In our study we analyse prospectively collected population based data with high population coverage. The aim was to develop and compare risk adjustment models for quality improvement purposes within a network of 12 Swiss neonatal units. The selected outcomes for risk adjustment represent some of the most important outcome measures in the field of neonatology [30]. We selected the two well-known and most often implemented approaches for risk adjustment, indirect standardization and logistic regression modelling and added a multilevel approach due to the nested data structure in which patients were associated with a particular clinic and its ability to provide clinic-independent predictions. Both prediction and outcome parameters fulfil multiple requirements for risk adjustment. Over half of the 21 risk adjustment models (three risk adjustment approaches for 7 outcomes each) yielded high predictive validity in the validation set with a majority of the remaining models being at least moderately predictive. In summary, the three risk adjustment approaches are similar to each other and lead to results that differ marginally when compared with the unadjusted raw outcome comparisons.

The simplest approach, indirect standardization based on GA, performed surprisingly well in comparison and may be more useful for quality assessments than previously thought. This may be due to the high impact of gestational age on outcome in very preterm infants and may not be generalizable into other areas of medicine. Nevertheless, reduction to one reliably available risk parameter may have removed bias that lead to an inferior accordance between predicted and true values in the multivariable approach. New medical registries without available previous data could profit from the observation that a non-model based approach achieves comparable if not better calibrated results to model based approaches. The lack of differences between the logistic regression and the multilevel approach and the small variances of the random effect intercepts of the multilevel model revealed that the effect of a nested data structure is lower than expected for a neonatal setting [20].

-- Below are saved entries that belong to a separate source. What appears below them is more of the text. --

(* Let $p$ be a prime and $n,k$ positive integers with $(p,k-1)=1$ and $n=\mathrm{ind}_p(k)$; let $G=G(p,n,k)=\langle a,b;\ a^p=1,\ b^n=1,\ b^{-1}ab=a^k\rangle$ and let $S\subseteq\mathbb{Z}_p$ be a base. Then $\Sigma_G(S)$ is complete.
   Context: $\mathrm{ind}_p(k)$ is the least positive integer $d$ with $k^d\equiv 1\pmod p$. Elements of $G$ are written uniquely as $a^ib^j$, $i\in\mathbb{Z}_p$, $j\in\mathbb{Z}_n$; $k_t=k^t-1\pmod p$. Maps are written on the right and composed left to right. For $x,y\in\mathbb{Z}_p$, $\mu(x,y):G\to G$ is $(a^ib^j)\mu(x,y)=a^{xik^j-yk_j}$, and $C(x,y)=\{\mu(x,yz):z\in\mathbb{Z}_p\}$. For $S\subseteq\mathbb{Z}_p$, $I(S)$ is the set of invertible elements of $S$ and $S^*$ is the multiplicative subsemigroup of $\mathbb{Z}_p$ generated by $S$. A base is $S\subseteq \mathbb{Z}_p$ with $0\in S$ and $I(S)\ne\varnothing$. $\Sigma_G(S)$ is the semigroup under composition generated by $\{\mu(s,z):s\in S,z\in\mathbb{Z}_p\}$. For $x\in S^*$, $Y(x)=\{s^*z: s^*\in S^*, z\in\mathbb{Z}_p, \exists s\in S,\ x\equiv ss^*\}$, $\mathcal{F}_G(x,S)=\{C(x,y):y\in Y(x)\}$; this family is complete if $C(x,1)\in\mathcal{F}_G(x,S)$, and $\Sigma_G(S)$ is complete if every $x$-family ($x\in S^*$) is complete. *)

From HB Require Import structures.
From mathcomp Require Import all_boot all_order all_algebra.
Set Implicit Arguments. Unset Strict Implicit. Unset Printing Implicit Defensive.
Import GRing.Theory.
Local Open Scope ring_scope.

Definition is_ind (p k n : nat) : Prop :=
  [/\ (0 < n)%N, (k ^ n = 1 %[mod p])%N &
      forall d : nat, (0 < d)%N -> (d < n)%N -> (k ^ d <> 1 %[mod p])%N].

(* Elements of G = G(p,n,k) written in normal form a^i b^j,
   i in Z_p, j in Z_n : the pair (i, j). *)
Definition Gel (p n : nat) := ('F_p * 'I_n)%type.

Definition ord0_of (n : nat) (j : 'I_n) : 'I_n :=
  Ordinal (leq_ltn_trans (leq0n j) (ltn_ord j)).

Definition kt (p k t : nat) : 'F_p := (k%:R) ^+ t - 1.

Definition mu (p n k : nat) (x y : 'F_p) : {ffun Gel p n -> Gel p n} :=
  [ffun g : Gel p n => (x * g.1 * (k%:R) ^+ g.2 - y * kt p k g.2, ord0_of g.2)].

Definition Cset (p n k : nat) (x y : 'F_p) : {set {ffun Gel p n -> Gel p n}} :=
  [set mu n k x (y * z) | z : 'F_p].

Definition Iset (p : nat) (S : {set 'F_p}) : {set 'F_p} :=
  [set s in S | s \is a GRing.unit].

Definition is_base (p : nat) (S : {set 'F_p}) : Prop :=
  (0 \in S) /\ Iset S != set0.

Definition in_semigrp (p : nat) (S : {set 'F_p}) (x : 'F_p) : Prop :=
  exists s : seq 'F_p, [/\ s != [::], all (fun t => t \in S) s &
                           x = \prod_(t <- s) t].

Definition in_Y (p : nat) (S : {set 'F_p}) (x y : 'F_p) : Prop :=
  exists sst : 'F_p, exists z : 'F_p,
    [/\ in_semigrp S sst, y = sst * z & exists2 s, s \in S & x = s * sst].

(* the x-family F_G(x,S) = { C(x,y) : y in Y(x) } is complete iff
   C(x,1) belongs to it *)
Definition family_complete (p n k : nat) (S : {set 'F_p}) (x : 'F_p) : Prop :=
  exists y : 'F_p, in_Y S x y /\ Cset n k x y = Cset n k x 1.

Definition Sigma_complete (p n k : nat) (S : {set 'F_p}) : Prop :=
  forall x : 'F_p, in_semigrp S x -> family_complete n k S x.

(* Since Z_p is a field, rescaling the parameter z shows C(x, y) = C(x, 1)
   for every y <> 0, so it suffices to find a nonzero y in Y(x).  For x = 0
   take s = 0 and s^* an invertible element u of S.  Otherwise write
   x = s s^* with s in S and s^* in S^*; this is possible even when x is a
   single element of S, because 1 = u^(p-1) lies in S^*.  Then y = s^* is
   nonzero. *)

From mathcomp Require Import all_boot all_order all_algebra all_field.
Set Implicit Arguments.
Unset Strict Implicit.
Unset Printing Implicit Defensive.
Import GRing.Theory.
Local Open Scope ring_scope.

Lemma expf_card_pred (F : finFieldType) (u : F) : u != 0 -> u ^+ #|F|.-1 = 1.
Proof.
move=> u_neq0; apply: (mulIf u_neq0).
by rewrite mul1r -exprSr prednK ?expf_card // ltnW ?card_finNzRing_gt1.
Qed.

Lemma Cset_eq1 (p n k : nat) (x y : 'F_p) :
  y != 0 -> Cset n k x y = Cset n k x 1.
Proof.
move=> y_neq0; apply/setP => f; apply/imsetP/imsetP => -[z _ ->].
  by exists (y * z); rewrite ?mul1r.
by exists (y^-1 * z); rewrite // mulrA mulfV // !mul1r.
Qed.

Section Semigroup.

Variables (p : nat) (S : {set 'F_p}).

Lemma semigrp_mem s : s \in S -> in_semigrp S s.
Proof. by move=> sS; exists [:: s]; rewrite /= sS big_seq1. Qed.

Lemma semigrpM x y : in_semigrp S x -> in_semigrp S y -> in_semigrp S (x * y).
Proof.
move=> [l [l_neq0 lS ->]] [r [_ rS ->]]; exists (l ++ r).
by rewrite big_cat all_cat lS rS; case: (l) l_neq0.
Qed.

Lemma semigrpX x m : (0 < m)%N -> in_semigrp S x -> in_semigrp S (x ^+ m).
Proof.
case: m => // m _ Sx; elim: m => [|m IHm]; first by rewrite expr1.
by rewrite exprS; apply: semigrpM.
Qed.

Lemma semigrp1 u : u \in S -> u != 0 -> in_semigrp S 1.
Proof.
move=> uS u_neq0; rewrite -(expf_card_pred u_neq0).
apply: semigrpX; last exact: semigrp_mem.
by rewrite -subn1 subn_gt0 card_finNzRing_gt1.
Qed.

Lemma semigrp_factor x : in_semigrp S 1 -> in_semigrp S x ->
  exists s t, [/\ s \in S, in_semigrp S t & x = s * t].
Proof.
move=> S1 [l [l_neq0 lS ->]].
case: l l_neq0 lS => [//|s l _ /= /andP[sS lS]]; exists s.
case: l lS => [_|t l tlS]; first by exists 1; rewrite big_seq1 mulr1.
exists (\prod_(v <- t :: l) v); split=> //; first by exists (t :: l).
by rewrite big_cons.
Qed.

Lemma base_nonzero : is_base S -> exists2 u, u \in S & u != 0.
Proof.
by case=> _ /set0Pn[u]; rewrite inE => /andP[uS uU]; exists u; rewrite -?unitfE.
Qed.

Lemma Y_nonzero x : is_base S -> in_semigrp S x -> exists2 y, in_Y S x y & y != 0.
Proof.
move=> baseS Sx; have [u uS u_neq0] := base_nonzero baseS.
have [->|x_neq0] := eqVneq x 0.
  exists u => //; exists u, 1; rewrite mulr1; split=> //; first exact: semigrp_mem.
  by exists 0; rewrite ?mul0r //; case: baseS.
have [s [t [sS St def_x]]] := semigrp_factor (semigrp1 uS u_neq0) Sx.
exists t; first by exists t, 1; rewrite mulr1; split=> //; exists s.
by apply: contraNneq x_neq0; rewrite def_x => ->; rewrite mulr0.
Qed.

End Semigroup.

Theorem theorem6p1 (p n k : nat) (S : {set 'F_p}) :
  prime p -> (0 < n)%N -> (0 < k)%N -> coprime p (k - 1) -> is_ind p k n ->
  is_base S -> Sigma_complete n k S.
Proof.
move=> _ _ _ _ _ baseS x Sx.
have [y Yy y_neq0] := Y_nonzero baseS Sx.
by exists y; split; last exact: Cset_eq1.
Qed.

In summary, the three approaches reveal very little difference in predictive or attributional validity between each other. Nevertheless, their ability to isolate quality improvement potentials of the units is limited. This was unexpected because the predictive validities for the carefully selected models were high. Also, large differences between Swiss clinics are documented in literature [24] and by a heterogeneity in risk potential between the clinics of up to 40%. Nevertheless, neither of the risk adjustment models had a discernible effect on the observed to expected ratios of the seven outcome parameters, neither in their absolute orientation (above or below 1) or in their distance to 1 (1 meaning that observed and expected are equal). The differences between units that remains after risk adjustment can therefore not be attributed to the quality of care alone. In neonatology, for instance, there are factors that contribute to the differences between clinics other than risk or quality of care. Even though there are national guidelines toward treatment at the limit of viability, [31] the Swiss clinics are known to adopt different approaches towards the care of infants born below 25 weeks GA. Clinics with a more active approach towards resuscitation in the delivery room will have a lower mortality but a higher risk for morbidities as the decision about whether to provide active treatment at birth is a critical predictor of subsequent outcomes in itself [32]. This can partially be adjusted for by stratified analysis of outcome of infants receiving active treatment, in our case “admitted to ward”. But a more active approach which yields a higher risk may still lead to higher survival without impairment as recently shown by Rysavy et al. [33].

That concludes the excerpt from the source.